Early Family Relationships Predict Children’s Emotion Regulation and Defense Mechanisms
Lindblom, Jallu; Punamäki, Raija-Leena; Flykt, Marjo; Vänskä, Mervi; Nummi, Tapio; Sinkkonen, Jari; Tiitinen, Aila; Tulppala, Maija (2016)
Sage Open 6 4
Yhteiskunta- ja kulttuuritieteiden yksikkö
CC BY 3.0
Julkaisun pysyvä osoite on
Early family relationships have been suggested to influence the development of children’s affect regulation, involving both emotion regulation and defense mechanisms. However, we lack research on the specific family predictors for these two forms of affect regulation, which have been conceptualized to differ in their functions and accessibility to consciousness. Accordingly, we examine how the (a) quality and (b) timing of family relationships during infancy predict child’s later emotion regulation and defense mechanisms.
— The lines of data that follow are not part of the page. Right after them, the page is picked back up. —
Definition first_occ21 (f : ordfun k.+2) := find (occ21 k.+2 (natf f)) (iota 0 k.+2).
Definition contract21 (f : ordfun k.+2) : ordfun k :=
  ordfun_of k (del_arc (first_occ21 f).+1 (natf f (first_occ21 f).+1) (natf f)).
Definition expand21 (h : ordfun k) (a : nat) : ordfun k.+2 :=
  ordfun_of k.+2 (ins_arc a.+1 (natf h a).+1 (natf h)).

Lemma first_occ21_uniq (f : ordfun k.+2) x : occ21 k.+2 (natf f) x ->
  (forall y, occ21 k.+2 (natf f) y -> y = x) -> first_occ21 f = x.
Proof.
move=> ox ux.
have hs : has (occ21 k.+2 (natf f)) (iota 0 k.+2).
  by apply/hasP; exists x => //; rewrite mem_iota add0n (occ21_lt ox).
have := nth_find 0 hs; rewrite nth_iota ?add0n; first exact: ux.
by rewrite -[X in _ < X](size_iota 0 k.+2) -has_find.
Qed.

Section Expand.
Variables (h : ordfun k) (a : nat).
Hypotheses (ih : fpf_inv k (natf h)) (ltak : a < k) (ltah : a < natf h a).
Hypothesis no : forall x, ~~ occ21 k (natf h) x.

Let ltpq : a.+1 < (natf h a).+1. Proof. by []. Qed.
Let ltqk : (natf h a).+1 < k.+2. Proof. by case: (ih ltak) => *; lia. Qed.

Lemma natf_expand21 :
  eq_below k.+2 (natf (expand21 h a)) (ins_arc a.+1 (natf h a).+1 (natf h)).
Proof. by apply: natf_ordfun_of => x xm; case: (fpf_inv_ins_arc ltpq ltqk ih xm). Qed.

Lemma occ21_expand21 y : occ21 k.+2 (natf (expand21 h a)) y = (y == a).
Proof.
rewrite (occ21_eq_below _ natf_expand21); apply/idP/eqP => [|->].
- case/(occ21_ins_arc_next_cases ih ltak ltah) => // o.
  by move: (no (unskip2 a.+1 (natf h a).+1 y)); rewrite o.
- exact: occ21_ins_arc_next.
Qed.

Lemma expand21_one21 : expand21 h a \in one21 k.+2.
Proof.
apply/one21P; split.
  exact: fpf_inv_eq_below (eq_below_sym natf_expand21) (fpf_inv_ins_arc ltpq ltqk ih).
by exists a; split=> [|y]; rewrite occ21_expand21 // => /eqP.
Qed.

Lemma expand21K : contract21 (expand21 h a) = h.
Proof.
have ea : first_occ21 (expand21 h a) = a.
  by apply: first_occ21_uniq => [|y]; rewrite occ21_expand21 // => /eqP.
apply: ordfun_of_natf => x xk; rewrite ea natf_expand21 ?ins_arc_p; last by lia.
by rewrite (del_arc_eq_below ltpq ltqk natf_expand21) // (ins_arcK ltpq).
Qed.
End Expand.

Section Contract.
Variables (f : ordfun k.+2) (x : nat).
Hypotheses (iF : fpf_inv k.+2 (natf f)) (ox : occ21 k.+2 (natf f) x).
Hypothesis ux : forall y, occ21 k.+2 (natf f) y -> y = x.
Local Notation q := (natf f x.+1).

Let ltpq : x.+1 < q. Proof. by case/and3P: ox. Qed.
Let ltqk : q < k.+2. Proof. by case/and3P: ox => x1 _ _; case: (iF x1). Qed.
Let ltxk : x < k. Proof. by move: ltpq ltqk; lia. Qed.

Lemma natf_contract21 : eq_below k (natf (contract21 f)) (del_arc x.+1 q (natf f)).
Proof.
rewrite /contract21 (first_occ21_uniq ox ux).
by apply: natf_ordfun_of => y yk; case: (fpf_inv_del_arc ltpq ltqk iF (erefl _) yk).
Qed.

Lemma fpf_inv_contract21 : fpf_inv k (natf (contract21 f)).
Proof.
have iD := fpf_inv_del_arc ltpq ltqk iF (erefl _).
exact: fpf_inv_eq_below (eq_below_sym natf_contract21) iD.
Qed.

Lemma contract21_x : (natf (contract21 f) x).+1 = q.
Proof.
rewrite natf_contract21 // /del_arc (_ : skip2 x.+1 q x = x) ?/skip2 ?ltnSn //.
by case/and3P: ox => _ _ /eqP ->; rewrite /unskip2; case_ifs; lia.
Qed.

Lemma contract21_opener : x < natf (contract21 f) x.
Proof. by move: ltpq; rewrite -contract21_x. Qed.

Lemma contract21K : expand21 (contract21 f) x = f.
Proof.
apply: ordfun_of_natf; rewrite contract21_x.
apply: eq_below_trans (eq_below_sym (del_arcK ltpq ltqk iF (erefl _))) _.
exact: ins_arc_eq_below (eq_below_sym natf_contract21).
Qed.

Lemma contract21_no21 : contract21 f \in no21 k.
Proof.
have ic := fpf_inv_contract21; have oc := contract21_opener.
have eF : eq_below k.+2 (natf f)
    (ins_arc x.+1 (natf (contract21 f) x).+1 (natf (contract21 f))).
  by rewrite -{1}contract21K; exact: natf_expand21.
apply/no21P; split=> // y; apply/negP.
case: (y =P x) => [-> | nyx] oy.
  have := occ21_ins_arc_next_shift ic ltxk oc oy.
  by rewrite -(occ21_eq_below _ eF) => /ux; lia.
have := occ21_ins_arc_next_skip2 ic ltxk oc nyx oy.
rewrite -(occ21_eq_below _ eF) => /ux; move: nyx; rewrite /skip2; case_ifs; lia.
Qed.
End Contract.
Parents (N = 703) reported autonomy and intimacy in marital and parenting relationships at the child’s ages of 2 and 12 months, and the child’s use of emotion regulation and immature and neurotic defenses at 7 to 8 years. As hypothesized, the results showed that functional early family relationships predicted children’s efficient emotion regulation, whereas dysfunctional relationships predicted reliance on defense mechanisms in middle childhood. Further, results showed a timing effect for neurotic defenses, partially confirming our hypothesis of early infancy being an especially important period for the development of defense mechanisms. The findings are discussed from the viewpoints of attachment and family dynamics, emotional self-awareness, and sense of security.